**Data listing**
(* Let $G$ be an $X-Y$ normalized graph, let $S \subseteq N(X)$, and assume that no vertex of $S$ is adjacent to a vertex of $Y$. Let $K_1$ be an important $X-Y$ separator of $G$ disjoint with $S$ and let $K(S)$ be the important witness of $S$. Then $K_1 \geq K(S)$.
   Context: $G$ is a finite undirected graph and $X,Y$ are disjoint subsets of $V(G)$; $N(C)=(\bigcup_{v\in C}N(v))\setminus C$. An $X-Y$ separator is a set $K \subseteq V(G) \setminus (X \cup Y)$ such that $G \setminus K$ has no path from $X$ to $Y$; minimal means inclusion-minimal. $G$ is $X-Y$ normalized if $N(X)$ is the only minimum-cardinality $X-Y$ separator. Let $r$ be the minimum size of an $X-Y$ separator; the excess of an $X-Y$ separator $K$ is $|K|-r$. For $S\subseteq N(X)$, the cover excess $CE(S)$ is the excess of a smallest $X-Y$ separator disjoint with $S$. An $X-Y$ separator $K$ with $K\cap S=\emptyset$ and excess $CE(S)$ is a witness of $S$. $NR(G,Y,K)$ is the set of vertices not reachable from $Y$ in $G\setminus K$; $K \geq K'$ means $NR(G,Y,K)\supseteq NR(G,Y,K')$, and $K'<K$ means $K\geq K'$ and $NR(G,Y,K)\ne NR(G,Y,K')$. A minimal $X-Y$ separator $K$ is important if there is no $X-Y$ separator $K'$ with $K<K'$ and $|K|\geq|K'|$. An important witness of $S$ is a witness of $S$ that is an important $X-Y$ separator; under the hypotheses it exists and is unique, denoted $K(S)$. *)

From mathcomp Require Import all_boot.
Set Implicit Arguments. Unset Strict Implicit. Unset Printing Implicit Defensive.

(* A finite simple undirected graph: vertex type V : finType, adjacency e
   (assumed symmetric and irreflexive in the theorem). *)
Section Sep.
Variables (V : finType) (e : rel V) (X Y : {set V}).

Definition nbh (C : {set V}) : {set V} :=
  [set v | [exists u in C, e u v]] :\: C.

Definition edge_avoid (K : {set V}) : rel V :=
  [rel u v | [&& e u v, u \notin K & v \notin K]].

Definition reach (K : {set V}) (u v : V) : bool :=
  (u \notin K) && connect (edge_avoid K) u v.

Definition separator (K : {set V}) : bool :=
  (K :&: (X :|: Y) == set0) &&
  [forall x in X, forall y in Y, ~~ reach K x y].

Definition minimal_separator (K : {set V}) : bool :=
  separator K && [forall K' : {set V}, (K' \proper K) ==> ~~ separator K'].

Definition min_sep_size : nat :=
  \big[minn/#|V|]_(K : {set V} | separator K) #|K|.

Definition excess (K : {set V}) : nat := #|K| - min_sep_size.

Definition normalized : bool :=
  separator (nbh X) && (#|nbh X| == min_sep_size) &&
  [forall K : {set V}, (separator K && (#|K| == min_sep_size)) ==> (K == nbh X)].

Definition cover_excess (S : {set V}) : nat :=
  \big[minn/#|V|]_(K : {set V} | separator K && [disjoint K & S]) excess K.

Definition witness (S K : {set V}) : bool :=
  [&& separator K, [disjoint K & S] & excess K == cover_excess S].

Definition NR (K : {set V}) : {set V} :=
  [set v | ~~ [exists y in Y, reach K y v]].

Definition sep_ge (K K' : {set V}) : bool := NR K' \subset NR K.
Definition sep_lt (K' K : {set V}) : bool := sep_ge K K' && (NR K != NR K').

Definition important (K : {set V}) : bool :=
  minimal_separator K &&
  ~~ [exists K' : {set V}, [&& separator K', sep_lt K K' & #|K'| <= #|K|]].

Definition important_witness (S K : {set V}) : bool :=
  witness S K && important K.
End Sep.

From mathcomp Require Import all_boot.
Set Implicit Arguments. Unset Strict Implicit. Unset Printing Implicit Defensive.

(* Let A and B be the sets of vertices reachable from Y avoiding K1 and K(S)
   respectively; K1 >= K(S) means A is contained in B.  Otherwise N(A :&: B)
   is a separator strictly beyond K1, hence larger than K1 because K1 is
   important.  By submodularity of |N(.)|, the separator N(A :|: B) is then
   smaller than K(S); it avoids S since it lies inside K1 :|: K(S), which
   contradicts the minimal excess of the witness K(S). *)

Lemma bigmin_leq (T : finType) (P : pred T) (F : T -> nat) n x :
  P x -> \big[minn/n]_(y | P y) F y <= F x.
Proof.
move=> Px; have : x \in index_enum T by rewrite mem_index_enum.
elim: (index_enum T) => [|a r IH] //; rewrite inE big_cons => /orP[/eqP <-|xr].
  by rewrite Px geq_minl.
by case: (P a); [apply: leq_trans (geq_minr _ _) (IH xr)|exact: IH].
Qed.

Section Uncrossing.
Variables (V : finType) (e : rel V) (X Y : {set V}).
Hypothesis e_sym : symmetric e.

Definition Yreach (K : {set V}) : {set V} :=
  [set v | [exists y in Y, reach e K y v]].

Lemma NR_Yreach K v : (v \in NR e Y K) = (v \notin Yreach K).
Proof. by rewrite !inE. Qed.

Lemma edge_avoid_connect_sym K : connect_sym (edge_avoid e K).
Proof.
apply: sym_connect_sym => u v; rewrite /edge_avoid /= e_sym.
by case: (v \in K); case: (u \in K); rewrite ?andbF ?andbT.
Qed.

Lemma connect_avoid_notin K u v :
  connect (edge_avoid e K) u v -> u \notin K -> v \notin K.
Proof.
move=> uv uK.
have cl : closed (edge_avoid e K) [pred w | w \notin K].
  apply: intro_closed; first exact: edge_avoid_connect_sym.
  by move=> x y /and3P[_ _ yK] _; rewrite inE.
by rewrite -[_ \notin _]/(v \in [pred w | w \notin K]) -(closed_connect cl uv).
Qed.

Lemma reach_sym K u v : reach e K u v -> reach e K v u.
Proof.
case/andP=> uK uv; apply/andP; split; first exact: connect_avoid_notin uv uK.
by rewrite edge_avoid_connect_sym.
Qed.

Lemma separator_disjointX K : separator e X Y K -> [disjoint K & X].
Proof.
case/andP=> /eqP KXY _; rewrite -setI_eq0 -subset0 -KXY.
by apply: setIS; apply: subsetUl.
Qed.

Lemma sub_Yreach K : separator e X Y K -> Y \subset Yreach K.
Proof.
case/andP=> /eqP KXY _; apply/subsetP => y yY; rewrite inE.
apply/existsP; exists y; rewrite yY /= /reach connect0 andbT.
apply: contraT; rewrite negbK => yK.
have : y \in K :&: (X :|: Y) by rewrite !inE yK yY orbT.
by rewrite KXY inE.
Qed.

Lemma Yreach_disjointX K : separator e X Y K -> [disjoint Yreach K & X].
Proof.
case/andP=> _ /forallP sepK; rewrite disjoint_sym disjoint_subset.
apply/subsetP => x xX; rewrite !inE; apply/existsP => -[y /andP[yY /reach_sym xy]].
by move: (sepK x); rewrite xX => /forallP /(_ y); rewrite yY xy.
Qed.

Lemma nbh_Yreach_sub K : nbh e (Yreach K) \subset K.
Proof.
apply/subsetP => v; rewrite !inE => /andP[vR /existsP[u /andP[uR euv]]].
apply: contraR vR => vK; move: uR; rewrite inE => /existsP[y /andP[yY /andP[yK yu]]].
apply/existsP; exists y; rewrite yY /= /reach yK /=.
apply: (connect_trans yu) (connect1 _).
by rewrite /edge_avoid /= euv vK (connect_avoid_notin yu yK).
Qed.

Lemma Yreach_nbh_sub (C : {set V}) : Y \subset C -> Yreach (nbh e C) \subset C.
Proof.
move=> YC; apply/subsetP => v; rewrite inE => /existsP[y /andP[yY /andP[_ yv]]].
have cl : closed (edge_avoid e (nbh e C)) [pred w | w \in C].
  apply: intro_closed; first exact: edge_avoid_connect_sym.
  move=> a b /= /and3P[eab _ bN] aC; apply: contraR bN => bC.
  by rewrite !inE bC; apply/existsP; exists a; rewrite aC.
by rewrite -[v \in C]/(v \in [pred w | w \in C]) -(closed_connect cl yv) /= (subsetP YC).
Qed.

Lemma separator_nbh (C : {set V}) :
  Y \subset C -> [disjoint C & X] -> [disjoint nbh e C & X] ->
  separator e X Y (nbh e C).
Proof.
move=> YC CX NX; apply/andP; split.
  rewrite setIUr setU_eq0 !setI_eq0 NX; apply: disjointWr YC _.
  by rewrite disjoints_subset /nbh setDE subsetIr.
apply/forallP => x; apply/implyP => xX; apply/forallP => y; apply/implyP => yY.
apply/negP => /reach_sym yx.
have : x \in Yreach (nbh e C) by rewrite inE; apply/existsP; exists y; rewrite yY.
by move/(subsetP (Yreach_nbh_sub YC)); rewrite (disjointFl CX xX).
Qed.

Lemma nbhI_sub (A B : {set V}) : nbh e (A :&: B) \subset nbh e A :|: nbh e B.
Proof.
apply/subsetP => v; rewrite !inE => /andP[vAB /existsP[u /andP[/setIP[uA uB] euv]]].
case vA: (v \in A) => /=; last by apply/orP; left; apply/existsP; exists u; rewrite uA.
by move: vAB; rewrite vA /= => vB; rewrite vB /=; apply/existsP; exists u; rewrite uB.
Qed.

Lemma nbhU_sub (A B : {set V}) : nbh e (A :|: B) \subset nbh e A :|: nbh e B.
Proof.
apply/subsetP => v; rewrite !inE negb_or => /andP[/andP[vA vB] /existsP[u /andP[uAB euv]]].
rewrite vA vB /=; case/setUP: uAB => [uA|uB].
  by apply/orP; left; apply/existsP; exists u; rewrite uA.
by apply/orP; right; apply/existsP; exists u; rewrite uB.
Qed.

Lemma nbhIU_sub (A B : {set V}) :
  nbh e (A :&: B) :&: nbh e (A :|: B) \subset nbh e A :&: nbh e B.
Proof.
apply/subsetP => v; rewrite !inE negb_or.
case/andP=> /andP[_ /existsP[u /andP[/setIP[uA uB] euv]]] /andP[/andP[vA vB] _].
by rewrite vA vB /=; apply/andP; split; apply/existsP; exists u; rewrite ?uA ?uB.
Qed.

Lemma nbh_submodular (A B : {set V}) :
  #|nbh e (A :&: B)| + #|nbh e (A :|: B)| <= #|nbh e A| + #|nbh e B|.
Proof.
rewrite -cardsUI -[#|nbh e A| + _]cardsUI leq_add ?subset_leq_card ?nbhIU_sub //.
by rewrite subUset nbhI_sub nbhU_sub.
Qed.

Section TwoSeparators.
Variables K1 K2 : {set V}.
Hypotheses (sep1 : separator e X Y K1) (sep2 : separator e X Y K2).
Let A := Yreach K1.
Let B := Yreach K2.

Lemma nbh_sub_setU_seps (C : {set V}) :
  nbh e C \subset nbh e A :|: nbh e B -> nbh e C \subset K1 :|: K2.
Proof.
by move=> /subset_trans; apply; apply: setUSS; apply: nbh_Yreach_sub.
Qed.

Lemma nbh_disjointX_of_sub (C : {set V}) :
  nbh e C \subset nbh e A :|: nbh e B -> [disjoint nbh e C & X].
Proof.
move/nbh_sub_setU_seps/disjointWl; apply.
by rewrite -setI_eq0 setIUl setU_eq0 !setI_eq0 !separator_disjointX.
Qed.

Lemma separator_nbhI : separator e X Y (nbh e (A :&: B)).
Proof.
apply: separator_nbh; last exact/nbh_disjointX_of_sub/nbhI_sub.
  by rewrite subsetI !sub_Yreach.
exact: disjointWl (subsetIl _ _) (Yreach_disjointX sep1).
Qed.

Lemma separator_nbhU : separator e X Y (nbh e (A :|: B)).
Proof.
apply: separator_nbh; last exact/nbh_disjointX_of_sub/nbhU_sub.
  exact: subset_trans (sub_Yreach sep1) (subsetUl _ _).
by rewrite -setI_eq0 setIUl setU_eq0 !setI_eq0 !Yreach_disjointX.
Qed.

Lemma sep_lt_nbhI : ~~ sep_ge e Y K1 K2 -> sep_lt e Y K1 (nbh e (A :&: B)).
Proof.
case/subsetPn => v; rewrite !NR_Yreach negbK => vB vA.
have YAB : Y \subset A :&: B by rewrite subsetI !sub_Yreach.
have sub := Yreach_nbh_sub YAB.
apply/andP; split.
  apply/subsetP => w; rewrite !NR_Yreach; apply: contra => /(subsetP sub).
  by case/setIP.
apply: contraNneq vB => eqNR; move: vA.
by rewrite -[v \in A]negbK -NR_Yreach -eqNR NR_Yreach negbK => /(subsetP sub) /setIP[].
Qed.

Lemma card_nbhU_lt :
  #|K1| < #|nbh e (A :&: B)| -> #|nbh e (A :|: B)| < #|K2|.
Proof.
move=> ltI; rewrite -(ltn_add2l #|nbh e (A :&: B)|).
apply: leq_ltn_trans (nbh_submodular A B) _; rewrite -addSn leq_add //.
  exact: leq_ltn_trans (subset_leq_card (nbh_Yreach_sub K1)) ltI.
exact: subset_leq_card (nbh_Yreach_sub K2).
Qed.

End TwoSeparators.
End Uncrossing.

Lemma witness_minimal (V : finType) (e : rel V) (X Y S KS K : {set V}) :
  witness e X Y S KS -> separator e X Y K -> [disjoint K & S] -> #|KS| <= #|K|.
Proof.
case/and3P=> _ _ /eqP exS sepK disK.
have rK : min_sep_size e X Y <= #|K| by apply: bigmin_leq.
have : cover_excess e X Y S <= excess e X Y K by apply: bigmin_leq; rewrite sepK.
by rewrite -exS /excess leq_subLR subnKC.
Qed.

Theorem lemma3 (V : finType) (e : rel V) (X Y : {set V}) :
  symmetric e -> irreflexive e -> [disjoint X & Y] ->
  normalized e X Y ->
  forall (S : {set V}), S \subset nbh e X ->
  (forall s y, s \in S -> y \in Y -> ~~ e s y) ->
  forall K1 KS : {set V},
  important e X Y K1 -> [disjoint K1 & S] ->
  important_witness e X Y S KS ->
  sep_ge e Y K1 KS.
Proof.
move=> e_sym _ _ _ S _ _ K1 KS /andP[/andP[sep1 _] notK1] disK1S /andP[witKS _].
have sepS : separator e X Y KS by case/and3P: witKS.
apply: contraT => notge.
set A := Yreach e Y K1; set B := Yreach e Y KS.
have ltI : #|K1| < #|nbh e (A :&: B)|.
  rewrite ltnNge; apply: contra notK1 => leI; apply/existsP; exists (nbh e (A :&: B)).
  by rewrite (separator_nbhI e_sym sep1 sepS) (sep_lt_nbhI e_sym sep1 sepS notge).
have disU : [disjoint nbh e (A :|: B) & S].
  apply: disjointWl (nbh_sub_setU_seps e_sym (nbhU_sub e A B)) _.
  by rewrite -setI_eq0 setIUl setU_eq0 !setI_eq0 disK1S; case/and3P: witKS.
have := witness_minimal witKS (separator_nbhU e_sym sep1 sepS) disU.
by rewrite leqNgt card_nbhU_lt.
Qed.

**Task directions**
The lines above from the one containing "connect (edge_avoid e" through the one containing "Lemma Yreach_disjointX K" are to be set down exactly, and no others.

**Solution to this task**
  connect (edge_avoid e K) u v -> u \notin K -> v \notin K.
Proof.
move=> uv uK.
have cl : closed (edge_avoid e K) [pred w | w \notin K].
  apply: intro_closed; first exact: edge_avoid_connect_sym.
  by move=> x y /and3P[_ _ yK] _; rewrite inE.
by rewrite -[_ \notin _]/(v \in [pred w | w \notin K]) -(closed_connect cl uv).
Qed.

Lemma reach_sym K u v : reach e K u v -> reach e K v u.
Proof.
case/andP=> uK uv; apply/andP; split; first exact: connect_avoid_notin uv uK.
by rewrite edge_avoid_connect_sym.
Qed.

Lemma separator_disjointX K : separator e X Y K -> [disjoint K & X].
Proof.
case/andP=> /eqP KXY _; rewrite -setI_eq0 -subset0 -KXY.
by apply: setIS; apply: subsetUl.
Qed.

Lemma sub_Yreach K : separator e X Y K -> Y \subset Yreach K.
Proof.
case/andP=> /eqP KXY _; apply/subsetP => y yY; rewrite inE.
apply/existsP; exists y; rewrite yY /= /reach connect0 andbT.
apply: contraT; rewrite negbK => yK.
have : y \in K :&: (X :|: Y) by rewrite !inE yK yY orbT.
by rewrite KXY inE.
Qed.

Lemma Yreach_disjointX K : separator e X Y K -> [disjoint Yreach K & X].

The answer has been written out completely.